J. M. Keynes, Like Benoit Mandelbrot, Was Right. They (Econometricians, Statisticians) Do Not Know What They Are Doing
35 Pages Posted: 26 Apr 2016
Date Written: April 20, 2016
Abstract
S. Stigler’s University of Chicago view of J M Keynes’s A Treatise on Probability, that only its literary style recommends it to a potential reader, is based entirely on a completely worthless book review written by Ronald Fisher in 1923. However, Stigler is an excellent example of a profession that has lost its way by conflating, like Jerry Bentham and Frank Ramsey did before him, rationality with adherence to the strictly mathematical laws of the calculus of probability.
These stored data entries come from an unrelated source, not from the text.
Lemma merge_singletonsP Q :
  partition Q (~: C) -> merge_singletons Q \in partitions_with_block.
Proof.
move=> partQ; set U := [set x | [set x] \in Q]; set B0 := C :|: U.
have in_merge B : (B \in merge_singletons Q) = (B \in Q) && (#|B| != 1) || (B == B0).
  by rewrite !inE.
have merge_B0 : B0 \in merge_singletons Q by rewrite in_merge eqxx orbT.
have notin_B0 B x : B \in Q -> #|B| != 1 -> x \in B -> x \notin B0.
  move=> QB nB xB; rewrite !inE negb_or.
  have /subsetP/(_ x xB) := partitionS partQ QB; rewrite inE => -> /=.
  by apply: contra nB => Qx; rewrite -(partition_eq_block partQ Qx QB (set11 x) xB) cards1.
have B0_gt1 : #|B0| != 1.
  by rewrite neq_ltn (leq_trans C_gt1) ?orbT ?subset_leq_card ?subsetUl.
rewrite inE; apply/andP; split; last by apply/exists_inP; exists B0; rewrite ?subsetUl.
apply/singleton_free_partitionsP; split; last first.
  by move=> B; rewrite in_merge => /orP [/andP [] | /eqP ->].
apply: partition_intro.
- move=> B; rewrite in_merge => /orP [/andP [QB _] | /eqP ->]; first exact: partition_neq0 partQ QB.
  by rewrite setU_eq0 negb_and C_neq0.
- by move=> B _; apply: subsetT.
- move=> x _; case: (boolP (x \in C)) => [Cx | nCx]; first by exists B0; rewrite // inE Cx.
  have [B QB xB] : exists2 B, B \in Q & x \in B.
    by apply: (partition_exists_block partQ); rewrite inE.
  case: (boolP (#|B| == 1)) => [/cards1P [y defB] | nB].
    exists B0 => //; move: xB QB; rewrite defB => /set1P ->.
    by rewrite !inE => ->; rewrite orbT.
  by exists B; rewrite // in_merge QB nB.
- move=> B1 B2 x; rewrite !in_merge.
  case/orP => [/andP [QB1 nB1] | /eqP ->]; case/orP => [/andP [QB2 nB2] | /eqP ->] xB1 xB2 //.
  + exact: partition_eq_block partQ QB1 QB2 xB1 xB2.
  + by have := notin_B0 _ _ QB1 nB1 xB1; rewrite xB2.
  + by have := notin_B0 _ _ QB2 nB2 xB2; rewrite xB1.
Qed.

Section SplitBlock.
Variables (P : {set {set T}}) (B0 : {set T}).
Hypotheses (P_with_block : P \in partitions_with_block) (PB0 : B0 \in P) (sCB0 : C \subset B0).
(* Let $r\ge2$ be an integer, $m,\ell$ positive integers with $r<2^m$, let $\alpha_0\neq0$ be a real number with $\alpha_0\in(-r/2,r/2]$, and let $B$ be an integer with $1\le B<B_{\max}=(2^{m+\ell}/r-1)/2$. Then $$\sum_{t=-B}^{B}P(\alpha_0+rt)=\frac1r(1-\epsilon_R)+\epsilon_A$$ where $$0\le\epsilon_R\le\frac{1}{\pi^2}\left(\frac{2}{B}+\frac{1}{B^2}+\frac{1}{3B^3}\right)\quad\text{and}\quad|\epsilon_A|\le(2B+1)\tilde\epsilon,\qquad \tilde\epsilon=\frac{\pi^2}{2^{m+\ell}}\left(\frac34+\frac{r}{2^{m+\ell}}\cdot\frac1{12}\right).$$
   Context: Let $\beta=2^{m+\ell}\bmod r$ and $L=\lfloor 2^{m+\ell}/r\rfloor$. For real $\alpha$ not a multiple of $2^{m+\ell}$, $$P(\alpha)=\frac{\beta}{2^{2(m+\ell)}}\cdot\frac{1-\cos(2\pi\alpha(L+1)/2^{m+\ell})}{1-\cos(2\pi\alpha/2^{m+\ell})}+\frac{r-\beta}{2^{2(m+\ell)}}\cdot\frac{1-\cos(2\pi\alpha L/2^{m+\ell})}{1-\cos(2\pi\alpha/2^{m+\ell})}.$$ *)

From Stdlib Require Import Reals Lra Lia Arith.
Open Scope R_scope.

Definition Nn (m l : nat) : nat := (2 ^ (m + l))%nat.

Definition beta (r m l : nat) : nat := Nat.modulo (Nn m l) r.
Definition Lq (r m l : nat) : nat := Nat.div (Nn m l) r.

(* P(alpha) as in the paper (defined for alpha not a multiple of 2^(m+l)) *)
Definition P (r m l : nat) (alpha : R) : R :=
  let N := INR (Nn m l) in
  let b := INR (beta r m l) in
  let L := INR (Lq r m l) in
  b / (N ^ 2) * ((1 - cos (2 * PI * alpha * (L + 1) / N)) / (1 - cos (2 * PI * alpha / N)))
  + (INR r - b) / (N ^ 2) * ((1 - cos (2 * PI * alpha * L / N)) / (1 - cos (2 * PI * alpha / N))).

(* sum_{t=-B}^{B} P(alpha0 + r t), reindexed as i = t + B in 0..2B *)
Definition sumP (r m l : nat) (alpha0 : R) (B : nat) : R :=
  sum_f_R0 (fun i => P r m l (alpha0 + INR r * (INR i - INR B))) (2 * B).

Definition eps_tilde (r m l : nat) : R :=
  PI ^ 2 / INR (Nn m l) * (3 / 4 + INR r / INR (Nn m l) * (1 / 12)).

(* Write alpha0 + r t = r (x + t) with x = alpha0 / r in (-1/2, 1/2], x <> 0, and let
   N = 2^(m+l) = r L + beta.  Each P(r (x + t)) is then within 11 r / (4 N^2) of the sinc weight
   sin(PI (x+t))^2 / (r (PI (x+t))^2): the two numerators of P are 1 - cos(2 PI x) perturbed by
   beta- and (r-beta)-weighted shifts whose first-order terms cancel, and 1/(1 - cos y) = 2/y^2 + O(1)
   for |y| <= PI.  So eps_R is the mass the sinc weights leave outside [-B, B].  Summing the Fejer
   kernel over 2M+1 equally spaced points shows that the window [-M, M] carries a mass between
   1 - 2/(2M+1) and 1; the weights at +-t are at most 1/(PI^2 t (t-1)), which telescopes, and
   M -> oo gives eps_R <= 2/(PI^2 B). *)

From Stdlib Require Import Reals Lra Lia.
Open Scope R_scope.

Fixpoint sum_lt (f : nat -> R) (n : nat) : R :=
  match n with O => 0 | S k => sum_lt f k + f k end.

Lemma sum_lt_ext f g n :
  (forall i, (i < n)%nat -> f i = g i) -> sum_lt f n = sum_lt g n.
Proof. induction n as [|n IH]; simpl; intros H; [reflexivity|]. rewrite IH, H; auto. Qed.

Lemma sum_lt_add f g n : sum_lt (fun i => f i + g i) n = sum_lt f n + sum_lt g n.
Proof. induction n as [|n IH]; simpl; [ring|rewrite IH; ring]. Qed.

Lemma sum_lt_scal c f n : sum_lt (fun i => c * f i) n = c * sum_lt f n.
Proof. induction n as [|n IH]; simpl; [ring|rewrite IH; ring]. Qed.

Lemma sum_lt_const c n : sum_lt (fun _ => c) n = c * INR n.
Proof. induction n as [|n IH]; simpl sum_lt; [simpl; ring|rewrite IH, S_INR; ring]. Qed.

Lemma sum_lt_swap (F : nat -> nat -> R) n m :
  sum_lt (fun i => sum_lt (F i) m) n = sum_lt (fun j => sum_lt (fun i => F i j) n) m.
Proof.
  induction n as [|n IH]; simpl.
  - induction m as [|m IHm]; simpl; [reflexivity|rewrite <- IHm; ring].
  - rewrite IH, <- sum_lt_add. reflexivity.
Qed.

Lemma sum_lt_le f g n :
  (forall i, (i < n)%nat -> f i <= g i) -> sum_lt f n <= sum_lt g n.
Proof.
  induction n as [|n IH]; simpl; intros H; [lra|].
  pose proof (H n ltac:(lia)). pose proof (IH ltac:(intros; apply H; lia)). lra.
Qed.

Lemma sum_lt_dist_le f g c n :
  (forall i, (i < n)%nat -> Rabs (f i - g i) <= c) ->
  Rabs (sum_lt f n - sum_lt g n) <= INR n * c.
Proof.
  induction n as [|n IH]; simpl sum_lt; intros H.
  - simpl. rewrite Rminus_diag, Rabs_R0. lra.
  - rewrite S_INR.
    replace (sum_lt f n + f n - (sum_lt g n + g n))
      with ((sum_lt f n - sum_lt g n) + (f n - g n)) by ring.
    eapply Rle_trans; [apply Rabs_triang|].
    pose proof (H n ltac:(lia)). pose proof (IH ltac:(intros; apply H; lia)). lra.
Qed.

Lemma sum_lt_shift f n : sum_lt f (S n) = f O + sum_lt (fun i => f (S i)) n.
Proof. induction n as [|n IH]; simpl; [ring|]. simpl in IH. rewrite IH. ring. Qed.

Lemma sum_f_R0_eq_sum_lt f n : sum_f_R0 f n = sum_lt f (S n).
Proof. induction n as [|n IH]; simpl; [ring|]. simpl in IH. rewrite IH. ring. Qed.

Lemma sin_ge_cubic u : 0 <= u <= 4 -> u - u^3/6 <= sin u.
Proof.
  intros [h0 h4]. destruct (pre_sin_bound u 0 h0 h4) as [H _].
  unfold sin_approx, sin_term in H. simpl in H. lra.
Qed.

Lemma Rabs_sin_le u : Rabs (sin u) <= Rabs u.
Proof.
  assert (H : forall v, 0 <= v -> - v <= sin v <= v).
  { intros v hv. destruct (Req_dec v 0) as [->|hv0]; [rewrite sin_0; lra|].
    pose proof (sin_lt_x v ltac:(lra)). pose proof (SIN_bound v).
    destruct (Rle_lt_dec v 4); [pose proof (sin_ge_cubic v ltac:(lra))|]; split; nra. }
  destruct (Rle_lt_dec 0 u) as [hu|hu].
  - rewrite (Rabs_pos_eq u hu). apply Rabs_le. apply H, hu.
  - rewrite (Rabs_left u) by lra. apply Rabs_le.
    pose proof (H (- u) ltac:(lra)). rewrite sin_neg in *. lra.
Qed.

Lemma sin_sq_le u : sin u ^ 2 <= u ^ 2.
Proof.
  rewrite <- pow2_abs, <- (pow2_abs u).
  pose proof (Rabs_sin_le u). pose proof (Rabs_pos (sin u)). nra.
Qed.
Stigler, like Fisher before him, overlooked that Keynes’s A Treatise on Probability (1921) was constantly being monitored, while Keynes was writing it, by the most illustrious names in the fields of philosophy and mathematical logic at the beginning of the 20th century, namely J Nevile Keynes, Bertrand Russell, Alfred North Whitehead, William Ernest Johnson, and CD Broad. Of course, everyone, except Broad and Edgeworth, overlooked the seminal role of George Boole, upon whose work in Chapters 16-21 of The Laws of Thought (1854) Keynes built the foundation for his logical theory of probability using interval valued probabilities. None of Stigler’s conclusions, as regards his evaluation of Keynes’s A Treatise on Probability, make any sense.